“I’m not luring you.”
“Good, because you suck at it.”
I shake my head, laughing. “You, my friend, have been hanging out with me for too long.”
“Can’t argue with that,” he says.
We drive for a bit, Max flipping through the local radio stations, me finishing the bag of chips and looking at my Instagram until we lose reception, heading into Humboldt Redwoods State Park.
Then my mind begins to tumble a bit, going down a dark rabbit hole of the past and the future and what everything means.
“Were you ever in love with her?” I ask, breaking through the comfortable silence with something decidedly uncomfortable.
His eyes go round. “With who?” He glances at me, forehead creased. “With your sister? The hell, Ada. No.” He shakes his head. “No.”
“You did care about her.”
“And I still do. Where are you going with this?”
“You didn’t love her, but you slept with her.”
“Sweetheart, please stop clutching your pearls.”
“I’m not clutching anything, I just want to understand why you did that to her.”
His jaw goes tight, brow lowered. “I’ve discussed this with her. And with Dex. It’s in the past. My only excuse is I thought I was doing the right thing at the time.”
“Took one for the team?” He shoots me a furtive look. “You used her, Max.”
“I never said I was proud of it.”
I mull that over, staring out the window. Seconds pass by, the car chugging along.
Max clears his throat. “Listen. Sometimes in life we do things that are wrong in order to make some things right. And sometimes those things fall apart and all you’re left with is everything that’s wrong.”
I crack open the bottle of Dr. Pepper, the sound of bubbles filling the silence of the car. I take a sip, feeling the sugar rush through me. “I used to think you were a villain, you know.”
“Oh yeah?” he says, glancing at me, brow raised. “And now what do you think? Still the villain?”
I give my head a tiny shake. “No. You’re just a man.”
“Well, good,” he says after a moment, bringing his attention back to the road. “That’s really all I want to be. There’s something to be said for being a simple person living a simple life.”
“You really think either of us are simple people living simple lives?”
He shakes his dead. “No, I don’t. But that doesn’t mean I can’t aspire to it. Think of all the towns we’ve driven past so far. Tiny little places in the middle of nowhere. Think about the people who live behind all those front doors. All these lives that don’t have to deal with a fraction of what we deal with.”
“If you think those people’s lives are easy, you’ve got another thing coming,” I tell Max. “You’ve been around for how long and that’s the impression you get from humanity? That living is easy?”
“No, darlin’, living is hard, it’s dying that’s easy. I finally know that better than anyone.” He pauses, kneading the steering wheel with his palm. “Doesn’t stop me from dreaming though.”
“And so, what does your dream look like? Let’s pretend for a moment that you’re not going to go ghost if I’m not around.”
“Do you have to not be around?” he says, smiling faintly, eyes pinning me in place. “Would make the dream much better if you were there.”
I swallow, feeling my stomach flutter. “Okay. So, say I’m there. Lurking in the background.”
“I don’t know. I’ve said the beach bar in Mexico would be a good start. Or maybe open a hotel somewhere. I want to be in a place where people are always passing through. A place where no one gets suspicious.”
“What would they get suspicious about?

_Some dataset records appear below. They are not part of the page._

Theorem theorem6 (R : realType) (k : nat) (S : forall n : nat, {set {set 'I_n}})
    (p : nat -> R) (eps : nat -> R) (c : nat -> nat) :
  (forall n, uniform k (S n)) ->
  (forall n, 0 <= p n <= 1) ->
  (fun n => binom_prob k (p n) (has_copy (S n))) @ \oo --> (1 : R) ->
  (forall n, 0 <= eps n) ->
  (forall n, ((c n)%:R : R) = (1 + eps n) * (#|S n|)%:R) ->
  (\forall n \near \oo,
      (c n)%:R * p n / (eps n * (#|S n|)%:R + 1) <= (1 : R)) ->
  (fun n => colored_prob k ((c n)%:R * p n / (eps n * (#|S n|)%:R + 1))
                         (@has_rainbow_copy n (c n) (S n)))
    @ \oo --> (1 : R).
Proof.
move=> Sk p01 binom_cvg eps_ge0 c_def q_le1.
apply: (squeeze_cvgr _ binom_cvg (cvg_cst (1 : R))).
apply: filterS q_le1 => n q_le1; have /andP[p_ge0 _] := p01 n.
have [q_ge0 colour_total p_le_fresh] := rainbow_parameters p_ge0 (eps_ge0 n) (c_def n).
have q01 : 0 <= (c n)%:R * p n / (eps n * #|S n|%:R + 1) <= 1 by rewrite q_ge0.
apply/andP; split; last exact: colored_prob_le1.
exact: binom_copy_le_rainbow.
Qed.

The fact that you gulp down scalding hot coffee like it’s no big deal?”
“Well, in the past, it was the fact that I don’t age.”
“Oh, right.” I sit back in my seat and pass him the Dr. Pepper. He takes it from me, fingers brushing against mine, creating a charge that makes the hair on my arms raise beneath my sweater. “Are you aging now?”
“I don’t know.”
“Do you want to?”
He sucks on his lower lip for a moment, eyes trained to the road. He nods. “Yeah. I think I do.”
I mull that over. About how long he’s gone without aging, only to die and come back and now he’s half alive and half dead and now he wants to age. He’s seen what it’s like to die and yet doesn’t want to live forever anymore.
The man is loneliness personified.
All the decades, all the centuries, having to keep moving on while leaving loved one after loved one behind. I’m starting to understand why he’d give that up for Rose. Because he didn’t want to live forever if he was going to keep being alone.
And that just makes me think about Jay.
That the lonely life is the life that Jay chose over one with me.